The Northwest Australian continental shelf, spanning 1200 km from Barrow Island to Scott Reef, was surveyed during two 3-month cruises in 1967 and 1968. The Bulletin presents geological reconnaissance results from the Bureau of Mineral Resources, incorporating seismic profiles, echograms, and sediment notations from Admiralty Charts. The description of offshore structure and Phanerozoic sedimentation is based on petroleum exploration work up to 1971.
Use Cases
- Mapping sediment distribution across the continental shelf and upper slope based on the survey's primary objective.
- Analyzing late Cainozoic geological history of the continental margin based on surface morphology and shallow structures.
- Investigating potential for phosphate deposits based on ocean water chemistry and circulation patterns mentioned in the description.
- Studying the offshore structural framework based on subsidized petroleum exploration work referenced.
Strengths
- Survey covers a 1200 km region from Barrow Island to Scott Reef.

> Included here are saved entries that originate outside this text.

Lemma eq_Uq_beval_lntree t a i : frontier t = iota a i.+1 -> (a + i < size s)%N ->
  eqU (beval t).1 (beval (lntree a i)).1.
Proof.
elim: t a i => [j|l IHl r IHr] a i.
  by case: i => [[->] _|i [_ /(congr1 size)]] //; apply: eq_Uq_refl.
move=> Ft lt_s; have [Fl Fr] := cat_eq_iota (Ft : frontier l ++ frontier r = _).
have [p Ep] : exists p, size (frontier l) = p.+1.
  by exists (size (frontier l)).-1; rewrite prednK // size_frontier_gt0.
have [q Eq] : exists q, size (frontier r) = q.+1.
  by exists (size (frontier r)).-1; rewrite prednK // size_frontier_gt0.
have Ei : i = (p.+1 + q)%N.
  by move: (congr1 size Ft); rewrite /= size_cat size_iota Ep Eq; lia.
rewrite Ep in Fl Fr; rewrite Eq in Fr; subst i.
have Xr : hitemX (beval r) by apply: (hitemX_beval_iota Fr); lia.
have Xlp : hitemX (beval (lntree a p)) by apply: (hitemX_beval_iota (frontier_lntree a p)); lia.
apply: (eq_Uq_trans (f2 := (sbr (beval (lntree a p)) (beval r)).1)).
  apply: eq_Uq_sbrl; first by case: Xr.
    by apply: beval_deg_eq; rewrite Fl frontier_lntree.
  by apply: IHl => //; lia.
apply: (eq_Uq_trans (f2 := (beval (BNode (lntree a p) (lntree (a + p.+1) q))).1)).
  apply: eq_Uq_sbrr; first by case: Xlp.
    by apply: beval_deg_eq; rewrite Fr frontier_lntree.
  by apply: IHr => //; lia.
by apply: eq_Uq_lntree_join; lia.
Qed.

Theorem eq_Uq_bracketings t1 t2 :
  frontier t1 = iota 0 (size s) -> frontier t2 = iota 0 (size s) ->
  eqU (beval t1).1 (beval t2).1.
Proof.
case Es: (size s) => [|N] F1 F2; first by move: (size_frontier_gt0 t1); rewrite F1.
apply: (eq_Uq_trans (f2 := (beval (lntree 0 N)).1)); last apply: eq_Uq_sym.
  by apply: eq_Uq_beval_lntree; rewrite ?Es.
by apply: eq_Uq_beval_lntree; rewrite ?Es.
Qed.

End Bracketings.

Section SoRelations.
Variables (K : fieldType) (G : zmodType) (g : nat -> G) (chi : nat -> G -> K) (n : nat).
Hypothesis chiD : forall i, (1 <= i <= n)%N -> forall a b : G, chi i (a + b) = chi i a * chi i b.
Hypothesis chi_far : forall i j, (1 <= i)%N -> (i.+1 < j <= n)%N -> (i, j) <> ((n - 2)%N, n) ->
  chi i (g j) * chi j (g i) = 1.

Notation X := (xitem K).
Notation sbr := (sbr g chi).
Notation hitemX := (hitemX n).
Notation skew_commute := (skew_commute g chi n).

Lemma skew_commute_serre_l i : (1 <= i <= n - 2)%N -> skew_commute (X i) (sbr (X i) (X i.+1)).
Proof. by move=> ?; apply: in_ideal_relator; left; exists i; split => //; left. Qed.

Lemma skew_commute_serre_r i : (1 <= i <= n - 2)%N -> skew_commute (sbr (X i) (X i.+1)) (X i.+1).
Proof. by move=> ?; apply: in_ideal_relator; left; exists i; split => //; right. Qed.

Lemma skew_commute_serre_fork : skew_commute (X (n - 2)) (sbr (X (n - 2)) (X n)).
Proof. by apply: in_ideal_relator; right; left. Qed.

- Integrates data from multiple sources: BMR cruises, seismic profiles, echograms, Admiralty Charts, and petroleum exploration work.
- Focuses on describing sediments and mapping their distribution, a clear primary objective.
Limitations
- Description metadata is limited; actual data quality requires manual inspection after download.

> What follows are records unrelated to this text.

Lemma majority7_123 (a : nat -> bool) : a 1 -> a 2 -> a 3 -> majority7 a.
Proof. by rewrite /majority7 /majority => -> -> ->; rewrite !orbT. Qed.

Lemma majority7_345 (a : nat -> bool) : a 3 -> a 4 -> a 5 -> majority7 a.
Proof. by rewrite /majority7 /majority => -> -> ->; rewrite !orbT. Qed.

Lemma majority7_0156 (a : nat -> bool) : a 0 -> a 1 -> a 5 -> a 6 -> majority7 a.
Proof. by rewrite /majority7 /majority => -> -> -> ->; rewrite !orbT. Qed.

(* At level j, the glued pattern A' reads B, the splice and A at positions
   1, 2, 3; B' reads them at positions 3, 4, 5; and the new splice reads the
   splice, A, B and the splice at positions 0, 1, 5, 6. *)
Lemma glueable_glue j A B :
  glueable j A B -> glueable j.+2 (glue j A B).1 (glue j A B).2.
Proof.
case=> vA vB vS; set A' := (glue j A B).1; set B' := (glue j A B).2; set U := 2 ^ j.
have shift q (g h : nat -> bool) :
    (forall x, g x -> h (x + q * U)) -> vote j g 0 -> vote j h (4 * 0 + q).
  by move=> gh; rewrite muln0 add0n; apply: vote_translate.
have inA'_B x y : x \in B -> y = U + x -> y \in A'.
  by move=> xB ey; rewrite /= mem_cat (mem_map_addn xB ey).
have inA'_A x y : x \in A -> y = 3 * U + x -> y \in A'.
  by move=> xA ey; rewrite /= mem_cat (mem_map_addn xA ey) orbT.
have inA'_S x y : splice j B A x -> y = 2 * U + x -> y \in A'.
  move=> /orP [xB | /mapP [a aA ->]] ->; [apply: inA'_B xB _ | apply: inA'_A aA _]; lia.
have inB'_B x y : x \in B -> y = 3 * U + x -> y \in B'.
  by move=> xB ey; rewrite /= mem_cat (mem_map_addn xB ey).
have inB'_A x y : x \in A -> y = 5 * U + x -> y \in B'.
  by move=> xA ey; rewrite /= mem_cat (mem_map_addn xA ey) orbT.
have inB'_S x y : splice j B A x -> y = 4 * U + x -> y \in B'.
  move=> /orP [xB | /mapP [a aA ->]] ->; [apply: inB'_B xB _ | apply: inB'_A aA _]; lia.
have U4 : 2 ^ j.+2 = 4 * U by rewrite !expnS mulnA.
split; rewrite voteSS.
- apply: majority7_123.
  + by apply: shift vB => x xB; apply: inA'_B xB _; lia.
  + by apply: shift vS => x xS; apply: inA'_S xS _; lia.
  + by apply: shift vA => x xA; apply: inA'_A xA _; lia.
- apply: majority7_345.
  + by apply: shift vB => x xB; apply: inB'_B xB _; lia.
  + by apply: shift vS => x xS; apply: inB'_S xS _; lia.
  + by apply: shift vA => x xA; apply: inB'_A xA _; lia.
- apply: majority7_0156.
  + by apply: shift vS => x xS; apply/orP; left; apply: inB'_S xS _; lia.
  + by apply: shift vA => x xA; apply/orP; left; apply: inB'_A xA _; lia.
  + apply: shift vB => x xB; apply/orP; right.
    by apply: mem_map_addn (inA'_B _ _ xB erefl) _; lia.
  + apply: shift vS => x xS; apply/orP; right.
    by apply: mem_map_addn (inA'_S _ _ xS erefl) _; lia.
Qed.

- Column-level documentation is absent; field semantics must be inferred after download.
- Data may reflect temporal bias inherent to data_gov_au, as results do not include findings after 1971.
Provenance
- Source
- Australian Ocean Data Network
- Collection Method
- Geological reconnaissance via ship cruises, supplemented by seismic profiles, echograms, hydrographic soundings, and petroleum exploration data.
- Time Range
- Survey cruises in late 1967 and late 1968; structural description based on work up to 1971.
- Geography
- Northwest Australian continental shelf (Rowley Shelf and southern Sahul Shelf), from Barrow Island to beyond Scott Reef.